Larger scale productions on stage with more coherent narratives, but also more random small-scale bullshit for the internet to test the waters for a broader audience and figure out a way to present aspirationally avant-garde work to people outside of my Berlin art-boy niche.
Ultimately, a key goal is to find the social and political utility for this work — can this all be weaponized for an anti-imperialist and anti-capitalist movement? Determining the role of surrealism, subversive imagery (what even is subversive in an era where violent, noisy imagery can be just as easily marketed and consumed by platform capitalism), etc., in a rapidly dissolving world
How do you think new inventions (machine learning, Google Magenta, etc.) are impacting the landscape of art creation (from inception to production)? Do you think AI-generated art is changing the paradigms of art?
I think, like any emergent technology being wielded for artistic purposes, it has the potential for aiding the change of artistic paradigms, but a successful and compelling work is usually more dependent on the vision and capabilities of the creator.
AI allows us to accelerate the exploration of ourselves reflected in the black mirror, but too often, like so many other new technologies. It is used as a disposable stylistic novelty. I use this example all the time, but data moshing was an impactful but largely abandoned artistic practice that a few talented people found a real use for but was otherwise played out quickly for novelty’s sake.
Most of the technology you are using is developed by giant tech Silicon Valley companies which also get very keen on sponsoring artistic projects using these technologies. I see it as a way of legitimising themselves as philanthropic but at the same time imposing their thecnocapitalist dominance. How do you feel about the issue? And how do you find the right balance in your practice?

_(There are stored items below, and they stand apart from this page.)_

Lemma expn_bin_subn_le n r b : b <= r -> r <= n ->
  n ^ b * 'C(n - b, r - b) <= r ^ b * 'C(n, r).
Proof.
move=> + rn; elim: b => [|b IH] br; first by rewrite !expn0 !subn0.
have step : n * 'C(n - b.+1, r - b.+1) <= r * 'C(n - b, r - b).
  have e := mul_bin_diag (n - b) (r - b.+1).
  have e1 : (n - b).-1 = n - b.+1 by lia.
  have e2 : (r - b.+1).+1 = r - b by lia.
  rewrite e1 e2 in e.
  have nb_gt0 : 0 < n - b by lia.
  rewrite -(leq_pmul2l nb_gt0) mulnCA e mulnA [X in _ <= X]mulnA leq_mul2r.
  have : n * (r - b) <= r * (n - b).
    by rewrite !mulnBr [r * n]mulnC leq_sub2l // leq_mul2r rn orbT.
  by rewrite [r * _]mulnC => ->; rewrite orbT.
rewrite expnS -mulnA; apply: (@leq_trans (n ^ b * (r * 'C(n - b, r - b)))).
  by rewrite mulnCA leq_mul2l step orbT.
by rewrite mulnCA expnS -mulnA leq_mul2l IH ?orbT // ltnW.
Qed.

Lemma card_supersets_le n (B : {set 'I_n}) r :
  #|[set U : {set 'I_n} | (#|U| == r) && (B \subset U)]| <= 'C(n - #|B|, r - #|B|).
Proof.
have -> : n - #|B| = #|~: B| by have := cardsC B; rewrite card_ord; lia.
rewrite -cards_draws -(@card_in_imset _ _ (fun U => U :\: B)); last first.
  move=> U1 U2; rewrite !inE => /andP[_ h1] /andP[_ h2] e.
  apply/setP => x; have [xB|xB] := boolP (x \in B).
    by rewrite (subsetP h1 _ xB) (subsetP h2 _ xB).
  by move/setP: e => /(_ x); rewrite !inE xB.
apply/subset_leq_card/subsetP => X /imsetP[U]; rewrite inE => /andP[/eqP hU hB] ->.
rewrite inE; apply/andP; split; first by rewrite setDE subsetIr.
by rewrite cardsD (setIidPr hB) hU.
Qed.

I agree completely; these major corporations are using artists to create pseudo-progressive marketing to act as a cover for their increasingly out-of-control attrition over our lives. Capitalism, especially through these accelerated, vertically integrated platform monstrosities we’re reliant on now, consumes and repurposes nearly everything radical or revolutionary for its own needs.
Digital artists who attempt to make a living in the weird art world-adjacent space of galleries, instal-friendly pop-up ‘museums’ and elsewhere are in a bit of a bind. In the US, there’s basically no real state funding for the arts that’s accessible en masse. The actual Art World is a pyramid scheme that hardly any artists profit from, there’s a (imo misguided) constant pressure to be using the most absolutely bleeding-edge tech tools (momentarily before moving on to the next novelty), and many of those tools are prohibitively expensive.
So, Google and others have become the new Medicis in a way, and both the conflict of interest inherent in that relationship and the speed of novelty required for new work has resulted in a lot of conceptually hollow tech demos masquerading as art, which largely only benefit the image of the manufacturer of the tech tools.
What is your chief enemy of creativity?
Probably a condition that I think affects most of us in neoliberal societies today: the general malaise of the isolated gig economy lifestyle, by that I mean the constant compulsion to create and be creative to survive with no waking time left for leisure and inspiration
You couldn’t live without…
I deny myself so much on a daily basis in service of productivity and focus that I’m inclined to say I couldn’t live without an artistic practice to underpin my sense of self-worth and give me an emotional scapegoat… however, I’m at the point where I wonder if that impulse is ultimately futile and I need to go outside and see the sun more.